Study examines the future of home buying

Study examines the future of home buying

Study examines the future of home buying

The FINANCIAL -- New technologies are transforming the way people buy a home, according to HSBC’s latest Beyond the Bricks home buying report, The future of home buying. 

The report combines results of more than 9,000 people in nine countries with insights from leading Property Technology (PropTech) expert James Dearsley. Dearsley predicts property will be the next industry to face disruption, with property websites using technologies such as artificial intelligence and virtual reality to transform each stage of the home purchase and deliver end-to-end services including many of those traditionally offered by estate agents. 

PropTech is becoming the new FinTech (financial technology) and will bring similarly radical changes over the coming years. Funding of disruptive Property Technology firms has grown phenomenally, from USD221 million in 2012 to over USD2 billion in 20161. 

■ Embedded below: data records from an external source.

(* Let $0<q<1/2$, $p=1-q$, $s=4pq$, and let $I_x(a,b)=\frac{\Gamma(a+b)}{\Gamma(a)\Gamma(b)}\int_0^xt^{a-1}(1-t)^{b-1}\,dt$. For every real $z>1$, $$\sqrt{\frac{z}{z+\frac12}}\cdot\frac{s^z}{\sqrt{\pi z}}\le I_s(z,1/2)\le\frac{1}{\sqrt{1-s}}\cdot\frac{s^z}{\sqrt{\pi z}}.$$
   Context: For integers $z\ge1$, $I_s(z,1/2)$ equals the probability $P(z)=1-\sum_{k=0}^{z-1}(p^zq^k-q^zp^k)\binom{k+z-1}{k}$ of success of a double-spend attack after $z$ confirmations. *)

From Stdlib Require Import Reals.
From Coquelicot Require Import Coquelicot.
Open Scope R_scope.

Definition Gamma (a : R) : R :=
  RInt_gen (fun t => Rpower t (a - 1) * exp (- t))
           (at_right 0) (Rbar_locally p_infty).

(* Used here only with a = z > 1, b = 1/2 and 0 < x < 1, where the integrand
   is continuous on (0, x] and the integral is an ordinary Riemann integral. *)
Definition inc_beta (x a b : R) : R :=
  Gamma (a + b) / (Gamma a * Gamma b) *
  RInt (fun t => Rpower t (a - 1) * Rpower (1 - t) (b - 1)) 0 x.

(* Write [B s = int_0^s t^(z-1) (1-t)^(-1/2) dt], so that
   [I_s(z,1/2) = Gamma(z+1/2) / (Gamma z * Gamma(1/2)) * B s].  Since
   [1 <= (1-t)^(-1/2) <= (1-s)^(-1/2)] on [[0,s]], [B s] lies between [s^z/z] and
   [(1-s)^(-1/2) s^z/z].  Gautschi's inequality
   [z / sqrt(z+1/2) <= Gamma(z+1/2) / Gamma z <= sqrt z] follows from the
   log-convexity of Gamma (AM-GM under the integral) and [Gamma(x+1) = x Gamma x].
   Finally [Gamma(1/2) = sqrt PI]: at integers [k], Gautschi's inequality and the
   Wallis integrals [int_0^(PI/2) sin^n] put [Gamma(1/2)^2] and [PI] in the same
   interval, of relative width [1/(2k)]. *)

From Stdlib Require Import Reals Lra Lia Classical.
From Coquelicot Require Import Coquelicot.
Open Scope R_scope.

(** * Improper integrals over (0, +oo) *)

Lemma at_right_0_interval d : 0 < d -> at_right 0 (fun a => 0 < a < d).
Proof.
  intros Hd. exists (mkposreal d Hd). intros a Ha Hpos.
  change (Rabs (a - 0) < d) in Ha. rewrite Rminus_0_r in Ha.
  apply Rabs_def2 in Ha. lra.
Qed.

Lemma filter_prod_pos_le :
  filter_prod (at_right 0) (Rbar_locally p_infty) (fun ab => 0 < fst ab <= snd ab).
Proof.
  apply Filter_prod with (fun a => 0 < a < 1) (fun b => 1 < b).
  - exact (at_right_0_interval 1 Rlt_0_1).
  - exists 1. tauto.
  - intros a b Ha Hb. simpl. lra.
Qed.

Lemma filter_prod_pos (P : R -> Prop) : (forall t, 0 < t -> P t) ->
  filter_prod (at_right 0) (Rbar_locally p_infty)
    (fun ab => forall t, Rmin (fst ab) (snd ab) <= t <= Rmax (fst ab) (snd ab) -> P t).
Proof.
  intros HP. apply (filter_imp (fun ab => 0 < fst ab <= snd ab)); [|exact filter_prod_pos_le].
  intros [a b] Hab t Ht. simpl in *. rewrite Rmin_left in Ht by lra. apply HP. lra.
Qed.

Lemma ex_RInt_continuous_pos (f : R -> R) a b :
  (forall t, 0 < t -> continuous f t) -> 0 < a -> a <= b -> ex_RInt f a b.
Proof.
  intros Hf Ha Hab. apply (@ex_RInt_continuous R_CompleteNormedModule).
  intros t Ht. apply Hf. rewrite Rmin_left in Ht; lra.
Qed.

Lemma is_RInt_gen_le_pos (f g : R -> R) lf lg :
  (forall t, 0 < t -> f t <= g t) ->
  is_RInt_gen f (at_right 0) (Rbar_locally p_infty) lf ->
  is_RInt_gen g (at_right 0) (Rbar_locally p_infty) lg -> lf <= lg.
Proof.
  intros Hfg Hf Hg. apply Rnot_lt_le. intros Hlt.
  assert (He : 0 < (lf - lg) / 2) by lra.
  set (e := mkposreal _ He).
  pose proof (Hf _ (locally_ball lf e)) as Nf.
  pose proof (Hg _ (locally_ball lg e)) as Ng.
  unfold filtermapi in Nf, Ng.
  destruct (filter_ex _ (filter_and _ _ filter_prod_pos_le (filter_and _ _ Nf Ng)))
    as [[a b] [Hab [[yf [If Bf]] [yg [Ig Bg]]]]].
  simpl in Hab, If, Ig.
  assert (Hy : yf <= yg).
  { apply (is_RInt_le f g a b); try tauto. intros t Ht. apply Hfg. lra. }
  change (Rabs (yf - lf) < e) in Bf. change (Rabs (yg - lg) < e) in Bg.
  apply Rabs_def2 in Bf. apply Rabs_def2 in Bg. simpl in Bf, Bg. lra.
Qed.

Lemma RInt_subinterval_le (f : R -> R) a a' b' b :
  (forall t, 0 < t -> 0 <= f t) -> (forall t, 0 < t -> continuous f t) ->
  0 < a -> a <= a' -> a' <= b' -> b' <= b -> RInt f a' b' <= RInt f a b.
Proof.
  intros Hpos Hf Ha Ha' Hab' Hb.
  rewrite <- (RInt_Chasles f a a' b) by (apply ex_RInt_continuous_pos; auto; lra).
  rewrite <- (RInt_Chasles f a' b' b) by (apply ex_RInt_continuous_pos; auto; lra).
  assert (0 <= RInt f a a').
  { apply RInt_ge_0; auto. apply ex_RInt_continuous_pos; auto. intros; apply Hpos; lra. }
  assert (0 <= RInt f b' b).
  { apply RInt_ge_0; auto. apply ex_RInt_continuous_pos; auto; lra. intros; apply Hpos; lra. }
  unfold plus; simpl. lra.
Qed.

Lemma is_RInt_gen_sup (f : R -> R) M :
  (forall t, 0 < t -> 0 <= f t) -> (forall t, 0 < t -> continuous f t) ->
  (forall a b, 0 < a <= b -> RInt f a b <= M) ->
  exists l, is_RInt_gen f (at_right 0) (Rbar_locally p_infty) l /\
            forall a b, 0 < a <= b -> RInt f a b <= l.
Proof.
  intros Hpos Hf HM.
  set (E := fun y => exists a b, 0 < a <= b /\ y = RInt f a b).
  destruct (completeness E) as [l [Hub Hlub]].
  { exists M. intros y [a [b [Hab ->]]]. auto. }
  { exists (RInt f 1 1), 1, 1. split; [lra | reflexivity]. }
  assert (Hle : forall a b, 0 < a <= b -> RInt f a b <= l).
  { intros a b Hab. apply Hub. exists a, b. auto. }
  exists l. split; [|exact Hle].
  intros P [eps HP].
  assert (Happrox : exists a' b', 0 < a' <= b' /\ l - eps < RInt f a' b').
  { apply not_all_not_ex. intros Hn.
    assert (l <= l - eps); [|destruct eps; simpl in *; lra].
    apply Hlub. intros y [a [b [Hab ->]]]. apply Rnot_lt_le.
    intros Hy. apply (Hn a). exists b. auto. }
  destruct Happrox as [a' [b' [Hab' Hl]]].
  apply Filter_prod with (fun a => 0 < a < a') (fun b => b' < b).
  - apply at_right_0_interval. lra.
  - exists b'. auto.
  - intros a b Ha Hb. exists (RInt f a b). split.
    + apply (@RInt_correct R_CompleteNormedModule), ex_RInt_continuous_pos; auto; lra.
    + apply HP. change (Rabs (RInt f a b - l) < eps).
      pose proof (RInt_subinterval_le f a a' b' b Hpos Hf ltac:(lra) ltac:(lra) ltac:(lra) ltac:(lra)).
      pose proof (Hle a b ltac:(lra)).
      apply Rabs_def1; lra.
Qed.

Lemma is_RInt_gen_derive_pos (F f : R -> R) la lb :
  (forall t, 0 < t -> is_derive F t (f t)) -> (forall t, 0 < t -> continuous f t) ->
  filterlim F (at_right 0) (locally la) ->
  filterlim F (Rbar_locally p_infty) (locally lb) ->
  is_RInt_gen f (at_right 0) (Rbar_locally p_infty) (lb - la).
Proof.
  intros HF Hf Hla Hlb.
  assert (HD : forall t, 0 < t -> Derive F t = f t).
  { intros t Ht. apply is_derive_unique, HF, Ht. }
  apply (is_RInt_gen_ext (Derive F)).
  { refine (filter_imp _ _ _ (filter_prod_pos _ HD)). intros ab H t Ht. apply H. lra. }
  apply is_RInt_gen_Derive; auto.
  - apply filter_prod_pos. intros t Ht. exists (f t). apply HF, Ht.
  - apply filter_prod_pos. intros t Ht. apply (continuous_ext_loc _ f); auto.
    apply (locally_interval _ t 0 p_infty); simpl; auto.
    intros y Hy _. symmetry. apply HD, Hy.
Qed.

Lemma filterlim_at_right_0_le_Rpower (f : R -> R) x :
  0 < x -> (forall t, 0 < t -> Rabs (f t) <= Rpower t x) ->
  filterlim f (at_right 0) (locally 0).
Proof.
  intros Hx Hf. apply filterlim_locally. intros eps.
  apply (filter_imp (fun t => 0 < t < Rpower eps (/ x))).
  - intros t Ht. change (Rabs (f t - 0) < eps). rewrite Rminus_0_r.
    eapply Rle_lt_trans; [apply Hf; lra|].
    replace (pos eps) with (Rpower (Rpower eps (/ x)) x)
      by (rewrite Rpower_mult, Rinv_l, Rpower_1; destruct eps; simpl; lra).
    apply Rlt_Rpower_l; lra.
  - apply at_right_0_interval. apply exp_pos.
Qed.

Lemma filterlim_p_infty_le_inv (f : R -> R) C :
  (forall t, 0 < t -> Rabs (f t) <= C / t) ->
  filterlim f (Rbar_locally p_infty) (locally 0).
Proof.
  intros Hf. apply filterlim_locally. intros eps.
  exists (Rabs C / eps). intros t Ht.
  assert (HC := Rle_abs C). assert (HCe : 0 <= Rabs C / eps).
  { apply Rdiv_le_0_compat; [apply Rabs_pos | apply cond_pos]. }
  change (Rabs (f t - 0) < eps). rewrite Rminus_0_r.
  eapply Rle_lt_trans; [apply Hf; lra|].
  apply Rlt_div_l; [lra|].
  apply Rlt_div_l in Ht; [|apply cond_pos]. lra.
Qed.

Lemma ln_lt_id y : 0 < y -> ln y < y.
Proof.
  intros Hy. pose proof (exp_ineq1_le (ln y)) as H. rewrite exp_ln in H; lra.
Qed.

Lemma Rpower_mul_exp_opp_le c t :
  0 < c -> 0 < t -> Rpower t c * exp (- t) <= Rpower c c.
Proof.
  intros Hc Ht. unfold Rpower. rewrite <- exp_plus. apply Rlt_le, exp_increasing.
  assert (H : ln (t / c) < t / c) by (apply ln_lt_id, Rdiv_lt_0_compat; auto).
  rewrite ln_div in H by auto.
  apply (Rmult_lt_compat_l c) in H; auto.
  replace (c * (t / c)) with t in H by (field; lra). lra.
Qed.

Lemma is_RInt_gen_lin_comb {Fa Fb : (R -> Prop) -> Prop} {FFa : Filter Fa} {FFb : Filter Fb}
  (f g : R -> R) lf lg al be :
  is_RInt_gen f Fa Fb lf -> is_RInt_gen g Fa Fb lg ->
  is_RInt_gen (fun t => al * f t + be * g t) Fa Fb (al * lf + be * lg).
Proof.
  intros Hf Hg.
  apply (is_RInt_gen_plus (V := R_NormedModule) (fun t => al * f t) (fun t => be * g t));
    apply (is_RInt_gen_scal (V := R_NormedModule)); assumption.
Qed.

(** * The Gamma function *)

Definition Gamma_integrand (x t : R) : R := Rpower t (x - 1) * exp (- t).

Lemma Gamma_integrand_pos x t : 0 < Gamma_integrand x t.
Proof. apply Rmult_lt_0_compat; apply exp_pos. Qed.

Lemma Gamma_integrand_continuous x t : 0 < t -> continuous (Gamma_integrand x) t.
Proof.
  intros Ht. apply (@ex_derive_continuous R_AbsRing R_NormedModule).
  unfold Gamma_integrand, Rpower. auto_derive. exact Ht.
Qed.

Lemma Rpower_sub_1 t x : 0 < t -> Rpower t (x - 1) = Rpower t x / t.
Proof.
  intros Ht. unfold Rpower. replace ((x - 1) * ln t) with (x * ln t + - ln t) by ring.
  rewrite exp_plus, exp_Ropp, exp_ln by exact Ht. reflexivity.
Qed.

Lemma is_RInt_Gamma_majorant x a b : 0 < a <= b ->
  is_RInt (fun t => x * Rpower t (x - 1) / (1 + Rpower t x) ^ 2) a b
    (/ (1 + Rpower a x) - / (1 + Rpower b x)).
Proof.
  intros Hab.
  assert (Hpow := fun t => exp_pos (x * ln t)).
  set (F := fun t => - / (1 + Rpower t x)).
  replace (/ (1 + Rpower a x) - / (1 + Rpower b x)) with (minus (F b) (F a))
    by (unfold minus, plus, opp, F; simpl; ring).
  apply (@is_RInt_derive R_CompleteNormedModule); intros t Ht;
    rewrite Rmin_left, Rmax_right in Ht by lra.
  - rewrite (Rpower_sub_1 t x) by lra. unfold F, Rpower. auto_derive.
    + specialize (Hpow t). repeat split; lra.
    + specialize (Hpow t). field. lra.
  - apply (@ex_derive_continuous R_AbsRing R_NormedModule). unfold Rpower. auto_derive.
    specialize (Hpow t). repeat split; try lra. apply Rgt_not_eq. nra.
Qed.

According to Charlie Nunn, HSBC’s Head of Group Retail Banking and Wealth Management: 

“The process of buying a home will change beyond recognition in the coming years. It will be a more streamlined transaction, with buyers and sellers having greater control and relying much more on technology. The speed at which the digital revolution in home buying rolls out around the world will depend on local regulatory environments and people’s willingness to trust technology for such an enormous purchase.” 

An easier process

Dealing with the many people involved (estate agents, solicitors, sellers and developers) was identified by 37% of recent home buyers as the most stressful part of the home buying process, followed by negotiating the price (29%), fees (28%), and understanding the legal paperwork (24%). 

According to Property Technology expert James Dearsley:

“New technologies have the potential to disrupt the property industry by making the purchase process much easier and reducing the number of people involved in a sale, so that buyers and sellers feel more in control. 

We are already seeing the rise of online do-it-yourself platforms , such as Tepilo in the UK, that allow home owners to market their own properties and negotiate directly with sellers.  All houses may be sold this way in the future, with property websites offering end-to-end marketing, search, financing, negotiation, transaction and conveyancing services that significantly reduce the time and hassle for home buyers. 

For traditional estate agents, this means a radical redefining of their role to become technology providers and expert advisers.” 

A drone’s eye view of the property market

Finding a property is already something that is largely done online, with almost nine in ten (89%) recent home owners looking for available properties online and a similar proportion (86%) searching online for house prices. UK home buyers are the most digitally active home hunters, with 93% using online channels to research their recent property purchase, compared to only 67% in the UAE. 

According to James Dearsley: 

“With most people already doing their property research online, the days of physically visiting an estate agent’s office may be almost over. Property websites will become considerably more sophisticated, using big data to bring more and better properties in front of prospective buyers and taking over much of the traditional estate agent’s role. 

There will be no more ‘fifteen minute windows’ to view a property. Virtual reality will allow home buyers to view more homes, narrow down their choice and then ‘live’ in a virtual version for several days to truly try before they buy.”

Ready for robots?

When it comes to home buying finances, almost three-quarters (74%) of recent home buyers researched finance options online. 

Mortgage brokers and banks are still the most trusted sources of mortgage advice (41% and 35% respectively), while only 11% of people have embraced the idea of using robo-advisers such as chatbots and humanoids for mortgage advice according to HSBC’s separate Trust in Technology survey.2  

James Dearsley comments: 

“Brokers are still the most trusted source of mortgage advice but in an increasingly time-poor society, banks, mortgage brokers and advisers will need to offer instant service and analysis to meet the rising expectations of consumers.  

We can expect to see more on-demand services, retaining the important human touch but provided digitally through live chat or video. With all of our personal information held digitally, not physically, AI will assist by analysing personal data, assessing lending criteria and narrowing down product options. This will allow instant mortgage approvals and mortgage solutions that are much more tailored to individuals’ needs.”